#### [Assigned task]
Please reproduce exactly the line that contains "sign_mx 4 s *m (sign_mx 4 u)^T" and every line after it through the end of the records below, adding nothing else.

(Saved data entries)
= = = = =

(* Let $M$ be a finite set of graphs such that $M\cap\mathcal{S}=\emptyset$. Then there exists an integer $r\ge3$ such that $\mathcal{S}_r\subseteq \mathrm{SiFree}(M)$.
   Context: All graphs are finite and simple. For graphs $G_1=(V_1,E_1)$, $G_2=(V_2,E_2)$, $G_1\cap G_2=(V_1\cap V_2, E_1\cap E_2)$. For a graph $G=(V,E)$ and an injective map $\alpha$ on $V$, $G^{\alpha}$ has vertex set $\alpha(V)$ and edge set $\{\{\alpha(v),\alpha(w)\}: \{v,w\}\in E\}$. We write $G\xrightarrow{\cap} H$ if $H$ is (isomorphic to) $G^{\alpha_1}\cap\cdots\cap G^{\alpha_k}$ for some $k\ge1$ and injective maps $\alpha_1,\dots,\alpha_k$ on $V(G)$. For a set $M$ of graphs, $\mathrm{SiFree}(M)$ is the class of graphs $G$ such that $G\xrightarrow{\cap}F$ holds for no $F\in M$. $\mathcal{S}$ is the class of forests in which every connected component is a tree with at most three leaves (its members are called tripods). $H_0=K_{1,4}$, and for $k\ge1$, $H_k$ is the graph obtained from two vertex-disjoint copies of the path $P_3$ by joining their middle vertices by a path with $k$ edges (with $k-1$ new internal vertices). For $k\ge3$, $\mathcal{S}_k$ is the class of graphs containing none of $C_3,\dots,C_k,H_0,H_1,\dots,H_k$ as a (not necessarily induced) subgraph. *)

From Stdlib Require List.
From mathcomp Require Import all_boot.
Set Implicit Arguments. Unset Strict Implicit. Unset Printing Implicit Defensive.

Record sgraph := FGraph {
  gV :> finType;
  gE : rel gV;
  gE_sym : symmetric gE;
  gE_irr : irreflexive gE }.

Definition symrel (T : finType) (r : rel T) : rel T :=
  fun x y => (x != y) && (r x y || r y x).

Lemma symrel_sym (T : finType) (r : rel T) : symmetric (symrel r).
Proof. by move=> x y; rewrite /symrel eq_sym orbC. Qed.

Lemma symrel_irr (T : finType) (r : rel T) : irreflexive (symrel r).
Proof. by move=> x; rewrite /symrel eqxx. Qed.

Definition mkgraph (T : finType) (r : rel T) : sgraph :=
  @FGraph T (symrel r) (@symrel_sym T r) (@symrel_irr T r).

(** Cycle C_n on vertices 0..n-1 (edges i -- i+1 mod n); a cycle for n >= 3. *)
Definition Cgraph (n : nat) : sgraph :=
  mkgraph (fun i j : 'I_n => val j == (val i).+1 %% n).

(** H_0 = K_{1,4} (centre 0, leaves 1..4).
    H_k (k >= 1): path p_0 -- ... -- p_k on vertices 0..k, plus vertices
    k+1, k+2 adjacent to p_0 and k+3, k+4 adjacent to p_k; i.e. two copies of
    P_3 (k+1 -- 0 -- k+2 and k+3 -- k -- k+4) whose middle vertices are joined
    by a path with k edges. *)
Definition Hrel (k : nat) : rel 'I_(k + 5) :=
  fun i j =>
    match k with
    | 0 => (val i == 0) && (val j != 0)
    | _ => [|| (val j == (val i).+1) && (val j <= k),
               (val i == 0) && ((val j == k.+1) || (val j == k.+2)) |
               (val i == k) && ((val j == k.+3) || (val j == k.+4))]
    end.

Definition Hgraph (k : nat) : sgraph := mkgraph (@Hrel k).

Definition contains_subgraph (G H : sgraph) : Prop :=
  exists f : H -> G, injective f /\
    forall x y : H, gE x y -> gE (f x) (f y).
(* Let $G$ be a finite subset of $\mathbf M$ with $\{(\mathbf e_1,f_1),\dots,(\mathbf e_m,f_m)\}\subset G$, and let $(\mathbf u,f)\in\mathbf M$. Suppose that for every critical pair $[t_g(\mathbf v,g),t_h(\mathbf w,h)]$ of $G$ with $\mathrm{lpp}(\mathbf u)\succeq\mathrm{lpp}(t_g\mathbf v)$, the S-polynomial of this critical pair has a standard representation w.r.t. $G$. Then $(\mathbf u,f)$ has a standard representation w.r.t. $G$.
   Context: Let $R=K[x_1,\dots,x_n]$ over a field $K$, $f_1,\dots,f_m\in R$, $\mathbf f=(f_1,\dots,f_m)$, $\mathbf e_i$ the $i$-th unit vector of $R^m$, and $\mathbf M=\{(\mathbf u,f)\in R^m\times R:\mathbf u\cdot\mathbf f=f\}$. Fix an arbitrary term order $\prec$ on the power products of $R$ and an arbitrary term order $\prec$ on the terms $x^\alpha\mathbf e_i$ of $R^m$. $\mathrm{lpp}$ denotes leading power product (leading term for vectors), $\mathrm{lc}$ leading coefficient; $\mathrm{lpp}(0)=0$ is smaller than every nonzero power product/term. For $(\mathbf u,f),(\mathbf v,g)\in\mathbf M$ with $f,g\neq0$, let $t=\mathrm{lcm}(\mathrm{lpp}(f),\mathrm{lpp}(g))$, $t_f=t/\mathrm{lpp}(f)$, $t_g=t/\mathrm{lpp}(g)$; if $\mathrm{lpp}(t_f\mathbf u)\succeq\mathrm{lpp}(t_g\mathbf v)$, then $[t_f(\mathbf u,f),t_g(\mathbf v,g)]$ is a critical pair (of $G$ if both elements lie in $G$) with S-polynomial $t_f(\mathbf u,f)-c\,t_g(\mathbf v,g)$, $c=\mathrm{lc}(f)/\mathrm{lc}(g)$. An element $(\mathbf u,f)\in\mathbf M$ has a standard representation w.r.t. $B\subset\mathbf M$ if $(\mathbf u,f)=\sum_{i=1}^s p_i(\mathbf v_i,g_i)$ with $(\mathbf v_i,g_i)\in B$, $p_i\in R$, $\mathrm{lpp}(\mathbf u)\succeq\mathrm{lpp}(p_i\mathbf v_i)$ and $\mathrm{lpp}(f)\succeq\mathrm{lpp}(p_ig_i)$ for all $i$. *)

From HB Require Import structures.
From mathcomp Require Import all_boot all_order all_algebra.
Set Implicit Arguments. Unset Strict Implicit. Unset Printing Implicit Defensive.
Import GRing.Theory.
Local Open Scope ring_scope.

Fixpoint mp (K : fieldType) (n : nat) : comNzRingType :=
  if n is n'.+1 then ({poly mp K n'} : comNzRingType) else (K : comNzRingType).

Definition mon (n : nat) := n.-tuple nat.

Definition mzero (n : nat) : mon n := [tuple of nseq n 0%N].
Definition madd n (a b : mon n) : mon n := [tuple (tnth a i + tnth b i)%N | i < n].
Definition msub n (a b : mon n) : mon n := [tuple (tnth a i - tnth b i)%N | i < n].
Definition mlcm n (a b : mon n) : mon n := [tuple maxn (tnth a i) (tnth b i) | i < n].

Section Poly.
Variable K : fieldType.

(* coefficient of x^alpha in p; the last variable is the outermost one *)
Fixpoint mcoef (n : nat) : mp K n -> mon n -> K :=
  match n return mp K n -> mon n -> K with
  | 0 => fun p _ => p
  | n'.+1 => fun (p : {poly mp K n'}) (t : mon n'.+1) =>
      mcoef (p`_(thead t)) [tuple of behead t]
  end.

Fixpoint mmono (n : nat) : mon n -> mp K n :=
  match n return mon n -> mp K n with
  | 0 => fun _ => (1 : K)
  | n'.+1 => fun t => ((mmono [tuple of behead t])%:P * 'X^(thead t) : {poly mp K n'})
  end.

Fixpoint mconst (n : nat) : K -> mp K n :=
  match n return K -> mp K n with
  | 0 => fun c => c
  | n'.+1 => fun c => ((mconst n' c)%:P : {poly mp K n'})
  end.
(* There exists a full amicable orthogonal design $AOD\big(168;\ 4,164;\ 4,164\big)$.
   Context: An orthogonal design $OD(m;c_1,\ldots,c_k)$ is an $m\times m$ matrix $X$ with entries from $\{0,\pm x_1,\ldots,\pm x_k\}$, where $x_1,\ldots,x_k$ are commuting indeterminates, such that $XX^{\rm T}=(\sum_j c_jx_j^2)I_m$. An amicable orthogonal design $AOD(m;c_1,\ldots,c_k;d_1,\ldots,d_\ell)$ is a pair $(X;Y)$ where $X$ is an $OD(m;c_1,\ldots,c_k)$ in indeterminates $x_1,\ldots,x_k$, $Y$ is an $OD(m;d_1,\ldots,d_\ell)$ in indeterminates $y_1,\ldots,y_\ell$ disjoint from the $x_i$, and $XY^{\rm T}=YX^{\rm T}$. It is full if neither $X$ nor $Y$ has a zero entry. *)

From HB Require Import structures.
From mathcomp Require Import all_boot all_order all_algebra.
Set Implicit Arguments. Unset Strict Implicit. Unset Printing Implicit Defensive.
Import GRing.Theory.
Local Open Scope ring_scope.

(* A formal entry of a design in k indeterminates x_0,...,x_{k-1}:
   None = 0,  Some (false, j) = + x_j,  Some (true, j) = - x_j. *)
Definition sym (k : nat) := option (bool * 'I_k).

Definition design (m k : nat) := 'M[sym k]_m.

Definition eval_sym (R : pzRingType) (k : nat) (x : 'I_k -> R) (s : sym k) : R :=
  match s with
  | None => 0
  | Some (b, j) => (-1) ^+ b * x j
  end.

Definition evalD (R : pzRingType) (m k : nat) (X : design m k) (x : 'I_k -> R)
  : 'M[R]_m := \matrix_(i, j) eval_sym x (X i j).

(* X X^T = (sum_j c_j x_j^2) I_m as an identity in commuting indeterminates:
   we require it for every value of the indeterminates in every commutative
   ring (this includes the polynomial ring itself, so it is equivalent). *)
Definition is_OD (m k : nat) (c : 'I_k -> nat) (X : design m k) : Prop :=
  forall (R : comNzRingType) (x : 'I_k -> R),
    evalD X x *m (evalD X x)^T = (\sum_(j < k) (c j)%:R * x j ^+ 2)%:M.

Definition is_AOD (m k l : nat) (c : 'I_k -> nat) (d : 'I_l -> nat)
  (X : design m k) (Y : design m l) : Prop :=
  [/\ is_OD c X, is_OD d Y &
      forall (R : comNzRingType) (x : 'I_k -> R) (y : 'I_l -> R),
        evalD X x *m (evalD Y y)^T = evalD Y y *m (evalD X x)^T].

Definition full_design (m k : nat) (X : design m k) : Prop :=
  forall i j, X i j <> None.

Definition coefs (s : seq nat) : 'I_(size s) -> nat := fun j => nth 0%N s j.
Arguments coefs s : clear implicits.

(* W is the symmetric conference matrix of order 42 obtained by bordering the
   Paley core of GF(41) (symmetric since 41 = 1 mod 4): W^T = W, W has zero
   diagonal and W W^T = 41 I.  If A, B are 4 x 4 (+-1)-matrices with
   A A^T = B B^T = 4 I and A B^T = - B A^T, then X = x_1 (I (x) A) + x_2 (W (x) B)
   satisfies X X^T = (4 x_1^2 + 164 x_2^2) I, and X has no zero entry because
   I and W have complementary supports.  For a second such pair C, D with each
   of A, B amicable with each of C, D, the design Y = y_1 (I (x) C) + y_2 (W (x) D)
   is amicable with X. *)
From mathcomp Require Import all_boot all_order all_algebra.
From mathcomp Require Import mxtens.
Set Implicit Arguments. Unset Strict Implicit. Unset Printing Implicit Defensive.
Import GRing.Theory.
Local Open Scope ring_scope.

Section Kronecker.
Variable R : comPzRingType.

Lemma scalar_tensmx m n (a b : R) : (a%:M : 'M_m) *t (b%:M : 'M_n) = (a * b)%:M.
Proof.
apply/matrixP=> i j.
case: (mxtens_indexP i) => i0 i1; case: (mxtens_indexP j) => j0 j1.
rewrite tensmxE !mxE (inj_eq (can_inj (@mxtens_indexK _ _))) xpair_eqE.
by case: (i0 == j0); case: (i1 == j1); rewrite /= ?mulr1n ?mulr0n ?mulr0 ?mul0r.
Qed.

Lemma tensmxN m n p q (M : 'M[R]_(m, n)) (N : 'M[R]_(p, q)) :
  M *t (- N) = - (M *t N).
Proof. by apply/matrixP=> i j; rewrite !mxE mulrN. Qed.

Lemma lincomb_mulmx_tr n (P Q : 'M[R]_n) (a b x0 x1 : R) :
  P *m P^T = a%:M -> Q *m Q^T = b%:M -> P *m Q^T + Q *m P^T = 0 ->
  (x0 *: P + x1 *: Q) *m (x0 *: P + x1 *: Q)^T = (a * x0 ^+ 2 + b * x1 ^+ 2)%:M.
Proof.
move=> hP hQ hPQ.
rewrite linearD !linearZ /= mulmxDl !mulmxDr -!scalemxAl -!scalemxAr !scalerA.
rewrite hP hQ [x1 * x0]mulrC -addrA [X in _ + X]addrA -scalerDr hPQ scaler0 add0r.
by rewrite !scale_scalar_mx raddfD /= -!expr2 ![_ * a]mulrC ![_ * b]mulrC.
Qed.

Lemma lincomb_amicable n (P Q U V : 'M[R]_n) (x0 x1 y0 y1 : R) :
  P *m U^T = U *m P^T -> P *m V^T = V *m P^T ->
  Q *m U^T = U *m Q^T -> Q *m V^T = V *m Q^T ->
  (x0 *: P + x1 *: Q) *m (y0 *: U + y1 *: V)^T
  = (y0 *: U + y1 *: V) *m (x0 *: P + x1 *: Q)^T.
Proof.
move=> h1 h2 h3 h4.
rewrite !linearD !linearZ /= !mulmxDl -!scalemxAl !scalerDr !scalerA.
rewrite h1 h2 h3 h4 [y0 * x0]mulrC [y0 * x1]mulrC [y1 * x0]mulrC [y1 * x1]mulrC.
by rewrite addrACA.
Qed.

Variables (m n : nat) (W : 'M[R]_m) (w : R).
Hypotheses (W_sym : W^T = W) (W_orth : W *m W^T = w%:M).

Lemma tens_lincomb_mulmx_tr (A B : 'M[R]_n) (c x0 x1 : R) :
  A *m A^T = c%:M -> B *m B^T = c%:M -> A *m B^T = - (B *m A^T) ->
  (x0 *: (1%:M *t A) + x1 *: (W *t B)) *m (x0 *: (1%:M *t A) + x1 *: (W *t B))^T
  = (c * x0 ^+ 2 + w * c * x1 ^+ 2)%:M.
Proof.
move=> hA hB hAB; apply: lincomb_mulmx_tr;
  rewrite !trmx_tens !tensmx_mul ?trmx1 ?mulmx1 ?mul1mx ?W_orth ?W_sym.
- by rewrite hA scalar_tensmx mul1r.
- by rewrite hB scalar_tensmx.
- by rewrite hAB tensmxN addNr.
Qed.

Lemma tens_lincomb_amicable (A B C D : 'M[R]_n) (x0 x1 y0 y1 : R) :
  A *m C^T = C *m A^T -> A *m D^T = D *m A^T ->
  B *m C^T = C *m B^T -> B *m D^T = D *m B^T ->
  (x0 *: (1%:M *t A) + x1 *: (W *t B)) *m (y0 *: (1%:M *t C) + y1 *: (W *t D))^T
  = (y0 *: (1%:M *t C) + y1 *: (W *t D)) *m (x0 *: (1%:M *t A) + x1 *: (W *t B))^T.
Proof.
move=> hAC hAD hBC hBD; apply: lincomb_amicable;
  by rewrite !trmx_tens !tensmx_mul ?trmx1 ?mulmx1 ?mul1mx ?W_sym ?hAC ?hAD ?hBC ?hBD.
Qed.

End Kronecker.

Definition sign (b : bool) : int := (-1) ^+ b.

Definition gram (n : nat) (f g : nat -> nat -> int) (i j : nat) : int :=
  foldr (fun k acc => f i k * g j k + acc) 0 (iota 0 n).

Definition scalar_fun (c : int) (i j : nat) : int := if i == j then c else 0.

Definition eq_on_square (n : nat) (f g : nat -> nat -> int) : bool :=
  all (fun i => all (fun j => f i j == g i j) (iota 0 n)) (iota 0 n).

Definition int_mx n (f : nat -> nat -> int) : 'M[int]_n := \matrix_(i, j) f i j.

Lemma int_mx_eq n f g : eq_on_square n f g -> int_mx n f = int_mx n g.
Proof.
move=> /allP fg; apply/matrixP=> i j; rewrite !mxE.
have /allP fg_i := fg i (etrans (mem_iota 0 n i) (ltn_ord i)).
by rewrite (eqP (fg_i j (etrans (mem_iota 0 n j) (ltn_ord j)))).
Qed.

Lemma int_mx_tr n f : (int_mx n f)^T = int_mx n (fun i j => f j i).
Proof. by apply/matrixP=> i j; rewrite !mxE. Qed.

Lemma int_mx_opp n f : int_mx n (fun i j => - f i j) = - int_mx n f.
Proof. by apply/matrixP=> i j; rewrite !mxE. Qed.

Lemma int_mx_scalar n c : int_mx n (scalar_fun c) = c%:M.
Proof.
apply/matrixP=> i j; rewrite !mxE /scalar_fun inj_eq; last exact: val_inj.
by case: (i == j); rewrite ?mulr1n ?mulr0n.
Qed.

Lemma int_mx_gram n f g : int_mx n f *m (int_mx n g)^T = int_mx n (gram n f g).
Proof.
apply/matrixP=> i j; rewrite !mxE /gram.
have -> : forall r, foldr (fun k acc => f i k * g j k + acc) 0 r
                    = \sum_(k <- r) f i k * g j k.
  by elim=> [|k r IH]; rewrite ?big_nil ?big_cons //= IH.
have -> : iota 0 n = index_iota 0 n by rewrite /index_iota subn0.
by rewrite big_mkord; apply: eq_bigr => k _; rewrite !mxE.
Qed.

Definition neg_at (s : seq (seq bool)) (i j : nat) : bool := nth false (nth [::] s i) j.

Definition sign_mx n (s : seq (seq bool)) : 'M[int]_n :=
  int_mx n (fun i j => sign (neg_at s i j)).

(* The [let]s make the table of squares a value that [vm_compute] evaluates
   once per matrix rather than once per entry. *)
Definition paley_neg (p : nat) : nat -> nat -> bool :=
  let squares := [seq k * k %% p | k <- iota 1 p.-1]%N in
  fun i j => [&& i != 0, j != 0 & (i + p - j) %% p \notin squares]%N.

Definition paley (p : nat) : nat -> nat -> int :=
  let neg := paley_neg p in fun i j => if i == j then 0 else sign (neg i j).

Definition paley_mx (p : nat) : 'M[int]_p.+1 := int_mx p.+1 (paley p).

Lemma paley_mx41_sym : (paley_mx 41)^T = paley_mx 41.
Proof. by rewrite int_mx_tr; apply: int_mx_eq; vm_compute. Qed.

Lemma paley_mx41_orth : paley_mx 41 *m (paley_mx 41)^T = 41%:M.
Proof. by rewrite int_mx_gram -int_mx_scalar; apply: int_mx_eq; vm_compute. Qed.

Definition A4 : seq (seq bool) :=
  [:: [:: false; false; false; false]; [:: false; false; true; true];
      [:: false; true; false; true]; [:: false; true; true; false]].

Definition B4 : seq (seq bool) :=
  [:: [:: false; false; true; true]; [:: true; true; true; true];
      [:: false; true; true; false]; [:: true; false; true; false]].

Definition C4 : seq (seq bool) :=
  [:: [:: false; false; false; false]; [:: true; true; false; false];
      [:: false; true; false; true]; [:: true; false; false; true]].

Definition D4 : seq (seq bool) :=
  [:: [:: false; false; true; true]; [:: false; false; false; false];
      [:: false; true; true; false]; [:: false; true; false; true]].

Lemma sign_mx4_orth s : s \in [:: A4; B4; C4; D4] ->
  sign_mx 4 s *m (sign_mx 4 s)^T = 4%:M.
Proof.
rewrite int_mx_gram -int_mx_scalar => s_in; apply: int_mx_eq.
by move: s_in; rewrite !inE => /or4P[] /eqP->; vm_compute.
Qed.

Lemma sign_mx4_anti_amicable s t : (s, t) \in [:: (A4, B4); (C4, D4)] ->
  sign_mx 4 s *m (sign_mx 4 t)^T = - (sign_mx 4 t *m (sign_mx 4 s)^T).
Proof.
rewrite !int_mx_gram -int_mx_opp => st_in; apply: int_mx_eq.
by move: st_in; rewrite !inE => /orP[] /eqP[-> ->]; vm_compute.
Qed.

Lemma sign_mx4_amicable s t : s \in [:: A4; B4] -> t \in [:: C4; D4] ->
  sign_mx 4 s *m (sign_mx 4 t)^T = sign_mx 4 t *m (sign_mx 4 s)^T.
Proof.
rewrite !int_mx_gram !inE => s_in t_in; apply: int_mx_eq.
by case/orP: s_in => /eqP->; case/orP: t_in => /eqP->; vm_compute.
Qed.

Lemma map_int_mulmx_tr (R : pzRingType) m n (M N : 'M[int]_(m, n)) :
  map_mx intr (M *m N^T) = map_mx intr M *m (map_mx (intr : int -> R) N)^T.
Proof. by rewrite map_mxM map_trmx. Qed.

Lemma map_paley_mx41_sym (R : pzRingType) :
  (map_mx (intr : int -> R) (paley_mx 41))^T = map_mx intr (paley_mx 41).
Proof. by rewrite map_trmx paley_mx41_sym. Qed.

Lemma map_paley_mx41_orth (R : pzRingType) :
  map_mx (intr : int -> R) (paley_mx 41) *m (map_mx intr (paley_mx 41))^T = 41%:~R%:M.
Proof. by rewrite -map_int_mulmx_tr paley_mx41_orth map_scalar_mx. Qed.

Definition paley_design_entry (s t : seq (seq bool)) (i j : 'I_(42 * 4)) : sym 2 :=
  let: (a, p) := mxtens_unindex i in
  let: (b, q) := mxtens_unindex j in
  if a == b then Some (neg_at s p q, ord0)
  else Some (paley_neg 41 a b (+) neg_at t p q, ord_max).

Definition paley_design (s t : seq (seq bool)) : design 168 2 :=
  \matrix_(i, j) paley_design_entry s t i j.

Lemma paley_design_full s t : full_design (paley_design s t).
Proof.
move=> i j; rewrite mxE /paley_design_entry.
by case: (@mxtens_unindex 42 4 i) => a p; case: (@mxtens_unindex 42 4 j) => b q; case: ifP.
Qed.

Lemma evalD_paley_design (R : comPzRingType) s t (x : 'I_2 -> R) :
  evalD (paley_design s t) x
  = x ord0 *: (1%:M *t map_mx intr (sign_mx 4 s))
    + x ord_max *: (map_mx intr (paley_mx 41) *t map_mx intr (sign_mx 4 t)).
Proof.
apply/matrixP=> i j.
case: (@mxtens_indexP 42 4 i) => a p; case: (@mxtens_indexP 42 4 j) => b q.
rewrite !mxE /paley_design_entry !mxtens_indexK /= /paley /sign !intr_sign.
case: (a =P b) => [<-|/eqP a_neq_b].
  by rewrite !eqxx /= mul1r mul0r mulr0 addr0 mulrC.
rewrite ifF; last by apply: contraNF a_neq_b => /eqP/val_inj->.
by rewrite /= mul0r mulr0 add0r intr_sign signr_addb mulrC.
Qed.

Lemma paley_design_OD s t (c : nat) :
  sign_mx 4 s *m (sign_mx 4 s)^T = c%:Z%:M ->
  sign_mx 4 t *m (sign_mx 4 t)^T = c%:Z%:M ->
  sign_mx 4 s *m (sign_mx 4 t)^T = - (sign_mx 4 t *m (sign_mx 4 s)^T) ->
  is_OD (coefs [:: c; 41 * c]%N) (paley_design s t).
Proof.
move=> hs ht hst R x; have intrmx := congr1 (map_mx (intr : int -> R)).
move: (intrmx _ _ _ _ hs) (intrmx _ _ _ _ ht) (intrmx _ _ _ _ hst).
rewrite map_mxN !map_int_mulmx_tr !map_scalar_mx => hsR htR hstR.
rewrite evalD_paley_design.
rewrite (tens_lincomb_mulmx_tr (map_paley_mx41_sym R) (map_paley_mx41_orth R) _ _ hsR htR hstR).
rewrite big_ord_recl big_ord1 natrM.
by congr ((_ + _ * x _ ^+ 2)%:M); apply: val_inj.
Qed.

Lemma paley_design_amicable s t u v (R : comNzRingType) (x y : 'I_2 -> R) :
  sign_mx 4 s *m (sign_mx 4 u)^T = sign_mx 4 u *m (sign_mx 4 s)^T ->
  sign_mx 4 s *m (sign_mx 4 v)^T = sign_mx 4 v *m (sign_mx 4 s)^T ->
  sign_mx 4 t *m (sign_mx 4 u)^T = sign_mx 4 u *m (sign_mx 4 t)^T ->
  sign_mx 4 t *m (sign_mx 4 v)^T = sign_mx 4 v *m (sign_mx 4 t)^T ->
  evalD (paley_design s t) x *m (evalD (paley_design u v) y)^T
  = evalD (paley_design u v) y *m (evalD (paley_design s t) x)^T.
Proof.
have intrmx := congr1 (map_mx (intr : int -> R)).
move=> /intrmx hsu /intrmx hsv /intrmx htu /intrmx htv.
rewrite !map_int_mulmx_tr in hsu hsv htu htv.
rewrite !evalD_paley_design.
by rewrite (tens_lincomb_amicable (map_paley_mx41_sym R) _ _ _ _ hsu hsv htu htv).
Qed.

Theorem mainTheorem5 :
  exists (X : design 168 2) (Y : design 168 2),
    is_AOD (coefs [:: 4; 164]%N) (coefs [:: 4; 164]%N) X Y /\
    full_design X /\ full_design Y.
Proof.
exists (paley_design A4 B4), (paley_design C4 D4).
split; last by split; apply: paley_design_full.
split.
- by apply: (@paley_design_OD _ _ 4); [apply: sign_mx4_orth.. | apply: sign_mx4_anti_amicable].
- by apply: (@paley_design_OD _ _ 4); [apply: sign_mx4_orth.. | apply: sign_mx4_anti_amicable].
- by move=> R x y; apply: paley_design_amicable; apply: sign_mx4_amicable.
Qed.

= = = = =

#### [Reply to the exercise]
  sign_mx 4 s *m (sign_mx 4 u)^T = sign_mx 4 u *m (sign_mx 4 s)^T ->
  sign_mx 4 s *m (sign_mx 4 v)^T = sign_mx 4 v *m (sign_mx 4 s)^T ->
  sign_mx 4 t *m (sign_mx 4 u)^T = sign_mx 4 u *m (sign_mx 4 t)^T ->
  sign_mx 4 t *m (sign_mx 4 v)^T = sign_mx 4 v *m (sign_mx 4 t)^T ->
  evalD (paley_design s t) x *m (evalD (paley_design u v) y)^T
  = evalD (paley_design u v) y *m (evalD (paley_design s t) x)^T.
Proof.
have intrmx := congr1 (map_mx (intr : int -> R)).
move=> /intrmx hsu /intrmx hsv /intrmx htu /intrmx htv.
rewrite !map_int_mulmx_tr in hsu hsv htu htv.
rewrite !evalD_paley_design.
by rewrite (tens_lincomb_amicable (map_paley_mx41_sym R) _ _ _ _ hsu hsv htu htv).
Qed.

Theorem mainTheorem5 :
  exists (X : design 168 2) (Y : design 168 2),
    is_AOD (coefs [:: 4; 164]%N) (coefs [:: 4; 164]%N) X Y /\
    full_design X /\ full_design Y.
Proof.
exists (paley_design A4 B4), (paley_design C4 D4).
split; last by split; apply: paley_design_full.
split.
- by apply: (@paley_design_OD _ _ 4); [apply: sign_mx4_orth.. | apply: sign_mx4_anti_amicable].
- by apply: (@paley_design_OD _ _ 4); [apply: sign_mx4_orth.. | apply: sign_mx4_anti_amicable].
- by move=> R x y; apply: paley_design_amicable; apply: sign_mx4_amicable.
Qed.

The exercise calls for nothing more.